I know I am late to the party, but I’ve only found this exercise today and wanted to give it a try.
But once I’ve looked at the requirements and such I realized just how lost I am at figuring out a way to tackle this.
Not sure at all whether I should check all the rows, columns and smaller grids to solve this or if there is some other way to go about it. I guess what I am asking is, are there any particular subjects related to this assignment I should study to understand the thought process needed for this?
@Alexey_Zabelin You are correct. A grid is valid if there are no duplicates in any of the rows, columns, or subgrids. You will want to parse the .sudoku files into ruby objects and then ask those objects if all rows, columns and subgrids are valid. A Sudoku grid has 9 rows, 9 columns and 9 subgrids for a total of 27 validations to check.
Some technical subjects that might help on this project:
Rows, columns, subgrids, and even the main Sudoku grid itself are all collections.

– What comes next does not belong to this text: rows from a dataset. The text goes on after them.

(* [N -> (N * F_0) / {(h x, - d0 x)} -> F] is the pushout of
   [im d0 -> F_0 -> F] along [h]; a retraction of it restricts to an extension of [h]. *)
Lemma extends_Ext1_vanishes (N : lmodType R) : Ext1_vanishes F N -> extends_along d0 N.
Proof.
move=> ext0 h h_ker.
pose P := (N * 'rV[R]_k0)%type.
pose S0 (p : P) := exists x, p = (h x, - d0 x).
have S00 : S0 0 by exists 0; rewrite !linear0.
have S0P a p q : S0 p -> S0 q -> S0 (a *: p + q).
  move=> [x ->] [y ->]; exists (a *: x + y).
  by rewrite [h (_ + _)]linearP [d0 (_ + _)]linearP opprD -scalerN.
pose S := Submod S00 S0P.
have inl_lin : linear (fun a : N => qpi S (a, 0)).
  move=> a u v; rewrite -linearP; congr qpi.
  by apply: injective_projections; rewrite /= ?scaler0 ?addr0.
have inr_lin : linear (fun y : 'rV[R]_k0 => qpi S (0, y)).
  move=> a u v; rewrite -linearP; congr qpi.
  by apply: injective_projections; rewrite /= ?scaler0 ?addr0.
pose f := linmap inl_lin; pose j := linmap inr_lin.
have snd_lin : linear (fun p : P => e p.2) by move=> a u v; rewrite linearP.
have [g gK] : exists g : {linear quot S -> F}, forall p, g (qpi S p) = e p.2.
  apply: (linear_factor_surj (phi := linmap snd_lin)); first exact: qpi_surj.
  by move=> p /qpi_eq0 [x ->]; rewrite linmapE linearN e_d0 oppr0.
have f_inj : injective f.
  move=> a b /qpi_eq [x [ab d0x]]; apply/eqP; rewrite -subr_eq0 ab h_ker //.
  by apply/eqP; rewrite -oppr_eq0 -d0x subr0.
have fg_exact : exact_at f g.
  move=> X; have [[a y] <-] := qpi_surj X; split=> [|[b <-]]; last first.
    by rewrite linmapE gK linear0.
  rewrite gK => /d0_e_exact [x d0x]; exists (a + h x); apply/qpi_eq; exists x.
  by rewrite d0x; apply: injective_projections; rewrite /= ?sub0r // addrAC subrr add0r.
have g_surj z : exists X, g X = z by have [y <-] := e_surj z; exists (j y); rewrite gK.
have [r rK] := ext0 _ f g (conj f_inj (conj fg_exact g_surj)).
exists (r \o j) => x /=; rewrite -[RHS]rK; apply: f_equal.
apply/qpi_eq; exists (- x); rewrite !linearN opprK.
by apply: injective_projections; rewrite /= ?sub0r ?subr0.
Qed.

Lemma Ext1_vanishesP (N : lmodType R) : Ext1_vanishes F N <-> extends_along d0 N.
Proof. by split; [apply: extends_Ext1_vanishes | apply: Ext1_vanishes_extends]. Qed.

End Ext1Presentation.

The Enumerable module gives you a lot of goodies for dealing with collections.
This project gets input from the command line, reads a file, and outputs to the command line. I recently wrote an article on Input/Output in Ruby. You might also want to check out the documentation for the File class
Some people have used the Matrix class to model the Sudoku grid. 2d Arrays are another approach. Alternatively, you could just build a Grid that holds collections of Rows, Columns, and SubGrids.
Regular expressions may come in handy while parsing the file. Check out our Primer on Regular Expressions as a reference.